The fight against resistant bacteria
Smart antibiotics will save us
When antibiotic drug ceftazidime-avibactam was introduced in 2015, the medical world welcomed it with open arms. This powerful drug offered hope in the fight against tenacious infections. It quickly became a staple for the treatment of complex abdominal infections and hospital-related cases of pneumonia, conditions that can often be fatal.
Unfortunately, the elation was short-lived. Less than a year after it was introduced, the first reports of resistance came in. What was initially considered a rare occurrence has since become a common issue. Bacteria’s resistance to this antibiotic spread quickly, and ceftazidime-avibactam’s initial promise is now a harsh reminder of the resistance crisis.
Retired professor of biomedical engineering Henk Busscher with the UMCG has noticed that bacteria seem to become resistant to antibiotics more rapidly. ‘For some antibiotics, it takes bacteria only one or two years.’
New techniques
The large-scale use of new antibiotics is to blame for this, and the consequences are severe. ‘The fact that we can only use antibiotics for so long without bacteria developing a resistance means that corporations are becoming increasingly less interested in investing in new antibiotics.’ Without working antibiotics, humanity is in serious trouble.
Corporations are becoming increasingly less interested in investing in new antibiotics
That’s why Busscher says we should stop producing drugs to which we already know bacteria can easily build resistance. ‘We’ll just be stuck in the same loop forever.’
Instead, we should be looking for new methods; drugs that have been shown to elicit less of a resistant response in bacteria. One solution is a technique that Busscher has studied himself, which combines antibiotics and nanoparticles.
Nanoparticles
‘Nanoparticles are incredibly small particles that have a comparatively large surface area’, Busscher explains. ‘That gives them some interesting properties.’
One of these properties is their ability to produce reactive oxygen – a type of oxygen that quickly forms chemical reactions, making it harmful to cells. When applied to infections, the combination of reactive oxygen and antibiotics can kill bacteria. ‘The oxygen creates holes in the cell wall, which the antibiotics use to enter the cell.’
Busscher’s research has also shown that bacteria do not become resistant to reactive oxygen. ‘Although obviously, we don’t yet know about the consequences of large-scale use.’
Opportunities
Busscher is also convinced that the combination of nanoparticles and antibiotics can create many opportunities. Especially because there are so many different types of nanoparticles. ‘Some can form a layer around the antibiotics to prevent bacteria from recognising them’, he says. ‘This allows the antibiotics to more easily enter the bacteria.’
The current crisis is relatively mild so people’s opinions vary greatly
There are also nanoparticles that can independently kill bacteria, which means they don’t need to even be combined with antibiotics. ‘Then there are particles that can detect infections with the aid of characteristics specific to the environment around infections, such as acid levels.’ The nanoparticles use the acidity to change their own characteristics in order to clean up the infection.

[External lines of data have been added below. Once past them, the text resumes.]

(* Let $d,k,S\ge1$ be integers and $N\ge (S+1)^d k$. Let $f(\mathbf{x}_1,\dots,\mathbf{x}_N)$, $\mathbf{x}_i\in\mathbb{R}^d$, be a real polynomial in the $dN$ coordinates such that for each $j\in\{1,\dots,N\}$ the degree of $f$ in $\mathbf{x}_j$ is at most $S$, and such that $f=0$ on $\triangle_k$. Then $f\equiv0$.
   Context: The degree of $f$ in $\mathbf{x}_j$ means the total degree of $f$ as a polynomial in the $d$ coordinates of $\mathbf{x}_j$ (coefficients being polynomials in the other variables). $\triangle_k=\{(\mathbf{x}_1,\dots,\mathbf{x}_N)\in(\mathbb{R}^d)^N:\mathbf{x}_{j_1}=\dots=\mathbf{x}_{j_k}\text{ for some distinct indices }j_1,\dots,j_k\}$ (for $k=1$ this is all of $(\mathbb{R}^d)^N$). *)

From HB Require Import structures.
From mathcomp Require Import all_boot all_order all_algebra.
Set Implicit Arguments. Unset Strict Implicit. Unset Printing Implicit Defensive.
Import Order.TTheory GRing.Theory Num.Theory.
Local Open Scope ring_scope.

(* A polynomial in the d*N coordinates x_{j,i} (j < N, i < d) all of whose
   individual exponents are at most S is encoded by its coefficient function
   on exponent arrays  e : 'I_N -> 'I_d -> 'I_S.+1. *)
Definition expo (N d S : nat) := {ffun 'I_N -> {ffun 'I_d -> 'I_S.+1}}.

Definition monom (R : ringType) (N d S : nat) (e : expo N d S)
  (x : 'I_N -> 'rV[R]_d) : R :=
  \prod_(j < N) \prod_(i < d) (x j 0 i) ^+ (e j i).

Definition peval (R : ringType) (N d S : nat) (c : expo N d S -> R)
  (x : 'I_N -> 'rV[R]_d) : R :=
  \sum_(e : expo N d S) c e * monom e x.

Definition block_deg_le (R : ringType) (N d S : nat) (c : expo N d S -> R) : Prop :=
  forall e : expo N d S, c e != 0 ->
    forall j : 'I_N, (\sum_(i < d) (e j i : nat) <= S)%N.

Definition fat_diag (R : ringType) (N d k : nat) (x : 'I_N -> 'rV[R]_d) : Prop :=
  exists J : {set 'I_N}, #|J| = k /\ forall a b, a \in J -> b \in J -> x a = x b.

From mathcomp Require Import all_boot all_order all_algebra.
Set Implicit Arguments. Unset Strict Implicit. Unset Printing Implicit Defensive.
Import Order.TTheory GRing.Theory Num.Theory.
Local Open Scope ring_scope.

(* Since every individual exponent is at most S, the polynomial is determined
   by its values on the grid {0,...,S}^(dN): inverting the Vandermonde matrix of
   0,...,S in each of the dN coordinates expresses every coefficient as a linear
   combination of grid values.  But N >= (S+1)^d k grid points x_1,...,x_N in
   {0,...,S}^d always contain k equal ones, so every grid point lies on the fat
   diagonal and all grid values vanish. *)

Lemma exists_nat_interpolation_weights (R : numFieldType) (S : nat) :
  exists W : 'M[R]_(S.+1), forall a b : 'I_S.+1,
    \sum_(p < S.+1) W p a * (p : nat)%:R ^+ b = (a == b)%:R.
Proof.
pose V := Vandermonde S.+1 (\row_(p < S.+1) (p : nat)%:R : 'rV[R]_S.+1).
have V_unit : V \in unitmx.
  rewrite unitmxE det_Vandermonde unitfE; apply/prodf_neq0 => i _.
  apply/prodf_neq0 => j lt_ij; rewrite !mxE -natrB ?pnatr_eq0 -?lt0n ?subn_gt0 //.
  exact: ltnW.
exists (invmx V) => a b.
have := congr1 (fun M : 'M[R]_S.+1 => M b a) (mulmxV V_unit).
by rewrite !mxE eq_sym => <-; apply: eq_bigr => p _; rewrite !mxE mulrC.
Qed.

Lemma exists_subset_card (T : finType) (A : {set T}) n :
  (n <= #|A|)%N -> exists2 B : {set T}, B \subset A & #|B| = n.
Proof.
case/card_geqP=> s [uniq_s size_s sA]; exists [set x in s].
  by apply/subsetP=> x; rewrite inE => /sA.
by rewrite cardsE (card_uniqP uniq_s).
Qed.

Lemma fiber_pigeonhole (T U : finType) (f : T -> U) n :
  (#|U| * n < #|T|)%N -> exists u, (n < #|[set x | f x == u]|)%N.
Proof.
move=> lt_Un_T; apply/existsP; apply: contraTT lt_Un_T.
rewrite negb_exists -leqNgt => /forallP small_fibers.
have -> : #|T| = (\sum_(u : U) #|[set x | f x == u]|)%N.
  rewrite -sum1_card (partition_big f xpredT) //=.
  by apply: eq_bigr => u _; rewrite sum1_card cardsE.
by rewrite -sum_nat_const; apply: leq_sum => u _; rewrite leqNgt.
Qed.

Section GridInterpolation.

Variables (R : numFieldType) (N d S : nat).

Definition grid_point (g : expo N d S) : 'I_N -> 'rV[R]_d :=
  fun j => \row_i (g j i : nat)%:R.

Lemma grid_point_fat_diag k (g : expo N d S) :
  (1 <= k)%N -> (S.+1 ^ d * k <= N)%N -> fat_diag k (grid_point g).
Proof.
case: k => // k _ le_grid_N.
have [v v_fiber] : exists v, (k < #|[set j | g j == v]|)%N.
  apply: fiber_pigeonhole; rewrite card_ffun !card_ord.
  by apply: leq_trans le_grid_N; rewrite ltn_pmul2l ?expn_gt0.
have [J sJ cardJ] := exists_subset_card v_fiber.
exists J; split=> // a b /(subsetP sJ) + /(subsetP sJ).
by rewrite !inE /grid_point => /eqP-> /eqP->.
Qed.

Variable W : 'M[R]_(S.+1).
Hypothesis W_dual : forall a b : 'I_S.+1,
  \sum_(p < S.+1) W p a * (p : nat)%:R ^+ b = (a == b)%:R.

Definition grid_weight (a g : expo N d S) : R :=
  \prod_(j < N) \prod_(i < d) W (g j i) (a j i).

Lemma sum_grid_weight_monom (a e : expo N d S) :
  \sum_g grid_weight a g * monom e (grid_point g) = (a == e)%:R.
Proof.
transitivity (\prod_(j < N) \prod_(i < d) ((a j i == e j i)%:R : R)).
  pose F j i (p : 'I_S.+1) := W p (a j i) * (p : nat)%:R ^+ e j i.
  transitivity (\sum_(g : expo N d S) \prod_(j < N) \prod_(i < d) F j i (g j i)).
    apply: eq_bigr => g _; rewrite /grid_weight /monom -big_split /=.
    by apply: eq_bigr => j _; rewrite -big_split /=; apply: eq_bigr => i _; rewrite mxE.
  rewrite -(bigA_distr_bigA (fun j (h : {ffun 'I_d -> 'I_S.+1}) =>
    \prod_(i < d) F j i (h i))) /=.
  apply: eq_bigr => j _; rewrite -(bigA_distr_bigA (F j)) /=.
  by apply: eq_bigr => i _; apply: W_dual.
have [<-|neq_ae] := eqVneq a e.
  by rewrite big1 // => j _; rewrite big1 // => i _; rewrite eqxx.
have /existsP[j /existsP[i neq_ji]] : [exists j, [exists i, a j i != e j i]].
  apply: contraR neq_ae => /existsPn same; apply/eqP/ffunP => j; apply/ffunP => i.
  by apply/eqP; move: (same j) => /existsPn/(_ i)/negPn.
by rewrite (bigD1 j) //= (bigD1 i) //= (negbTE neq_ji) !mul0r.
Qed.

Lemma coef_grid_interpolation (c : expo N d S -> R) (a : expo N d S) :
  c a = \sum_g grid_weight a g * peval c (grid_point g).
Proof.
rewrite /peval; under eq_bigr => g _ do rewrite mulr_sumr.
rewrite exchange_big /= (eq_bigr (fun e => c e * (a == e)%:R)) => [|e _]; last first.
  by rewrite -sum_grid_weight_monom mulr_sumr; apply: eq_bigr => g _; rewrite mulrCA.
by rewrite (bigD1 a) //= eqxx mulr1 big1 ?addr0 // => e /negbTE; rewrite eq_sym => ->; rewrite mulr0.
Qed.

End GridInterpolation.

Theorem mainTheorem7 (R : realFieldType) (d k S N : nat)
  (hd : (1 <= d)%N) (hk : (1 <= k)%N) (hS : (1 <= S)%N)
  (hN : ((S.+1) ^ d * k <= N)%N)
  (c : expo N d S -> R)
  (hdeg : block_deg_le c)
  (hvan : forall x : 'I_N -> 'rV[R]_d, fat_diag k x -> peval c x = 0) :
  forall e : expo N d S, c e = 0.
Proof.
have [W W_dual] := exists_nat_interpolation_weights R S.
move=> a; rewrite (coef_grid_interpolation W_dual c a) big1 // => g _.
by rewrite hvan ?mulr0 //; apply: grid_point_fat_diag.
Qed.
Lemma conduct_complete_tree M t p : size p + t = size (sigma iw) ->
  hamming (sigma iw) p + max_manip M p (complete_tree lab t p) <= k ->
  conduct w sigma iw M p (complete_tree lab t p) = iw.
Proof.
elim: t p => [|t IH] p Hsize /=.
  rewrite addn0 in Hsize; rewrite addn0 => /(lab_decodes Hsize) ->.
  by case: pickP => [i /eqP /sigma_inj_iw|].
set x := sigma iw in Hsize IH *.
have Hp : size p < size x by rewrite -Hsize addnS ltnS leq_addr.
have win b : hamming x p + (nth false x (size p) != b)
             + max_manip M (rcons p b) (complete_tree lab t (rcons p b)) <= k ->
             conduct w sigma iw M (rcons p b) (complete_tree lab t (rcons p b)) = iw.
  by move=> Hb; apply: IH; rewrite ?size_rcons ?addSnnS // (hamming_rcons false).
case: (M p) => /= Hk.
- rewrite !win //; [by case: ifP | |]; apply: leq_trans Hk;
    by rewrite -addnA leq_add2l leq_add ?leq_b1 ?leq_maxl ?leq_maxr.
- case: (nth false x (size p)) (win (nth false x (size p))) => /= Hwin;
    rewrite addn0 in Hwin.
  + by rewrite Hwin; [exact: (iw_strongest _).2 | lia].
  + by rewrite Hwin; [exact: (iw_strongest _).1 | lia].
Qed.

End Robustness.

Lemma robust_code_tree h k cs : separated h k.*2 cs -> cs != [::] ->
  exists T, [/\ size (names T) = size cs, height T = h & robust (size cs) k T].
Proof.
move=> cs_sep cs0; have [cs_uniq cs_size _] := cs_sep.
pose T := complete_tree (decode cs k) h [::].
have namesT : names T =i cs.
  move=> x; rewrite mem_undup; apply/leaves_complete_treeP/idP => [[q _ ->]|Hx].
    exact: decode_mem.
  by exists x; rewrite ?cs_size // (decode_near cs_sep Hx) ?hammingxx ?cs_size.
exists T; split.
- by apply/perm_size/uniq_perm; rewrite ?undup_uniq.
- exact: height_complete_tree.
move=> N _ w _ iw iw_strongest sigma [sigma_inj [sigma_names _]] M HM.
have x_cs : sigma iw \in cs by rewrite -namesT.
apply: (conduct_complete_tree (k := k)) => //.
- by move=> i /sigma_inj.
- by move=> p Hp; apply: (decode_near cs_sep); rewrite // -(cs_size _ x_cs).
- by rewrite (cs_size _ x_cs).
- by rewrite hamming_nilr.
Qed.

But there are also quite a few variables that make it harder for the particles to detect infections. Something as simple as exercise can change the acid levels around infections, making the nanoparticles less effective. That’s why researchers are looking for unique markers. ‘One option is a lower concentration of oxygen around the infection, but it will probably come down to a unique combination of characteristics’, says Busscher.
Obstacles
It could however take a while before his research can actually be used, since there is still a lot of debate surrounding the switch to new methods of fighting bacterial infections. ‘During crisis situations such as the Second World War, people were much more open to alternative developments of pharmaceutical substances’, Busscher explains. ‘The current antibiotics resistance crisis is relatively mild, so people’s opinions on it vary greatly.’
They have shown it works on a mouse but then move on to a different study
This could change however, especially now that antibiotics resistance is found a lot at the front in Ukraine, which could be fatal to the injured soldiers there.
Another obstacle, he says, is that researchers sometimes have a hard time deviating from methods they’ve been using for years. ‘They don’t like it. But I don’t think we’re on the right track anymore.’
Develop further
The biggest challenge, however, is to ensure that researchers actually take their research far enough to be tested on human beings. They often don’t do that. ‘If you look at Web of Science, you’ll find that five to seven thousand articles about new anti-bacterial particles were published in the past five years’, says Busscher.
While they all claim to have found ‘promising opportunities’ for fighting antibiotic-resistant bacteria in people, none of the studies were followed up on. ‘They’ll have shown it works in a lab or on a mouse, but then they move on to a different study.’
It’s important, therefore, to scour the thousands of studies to find the ones with the greatest potential and develop those further. It takes a long time before drugs are safe to use on people, and you can’t go through a process that lengthy for every single study.
As such, the emphasis should lie on what should be done to safely test these particles on human beings. ‘I just want to get together to see how we can apply this to people and for researchers to stop always developing something new, only move on to something new once they’ve published their findings.’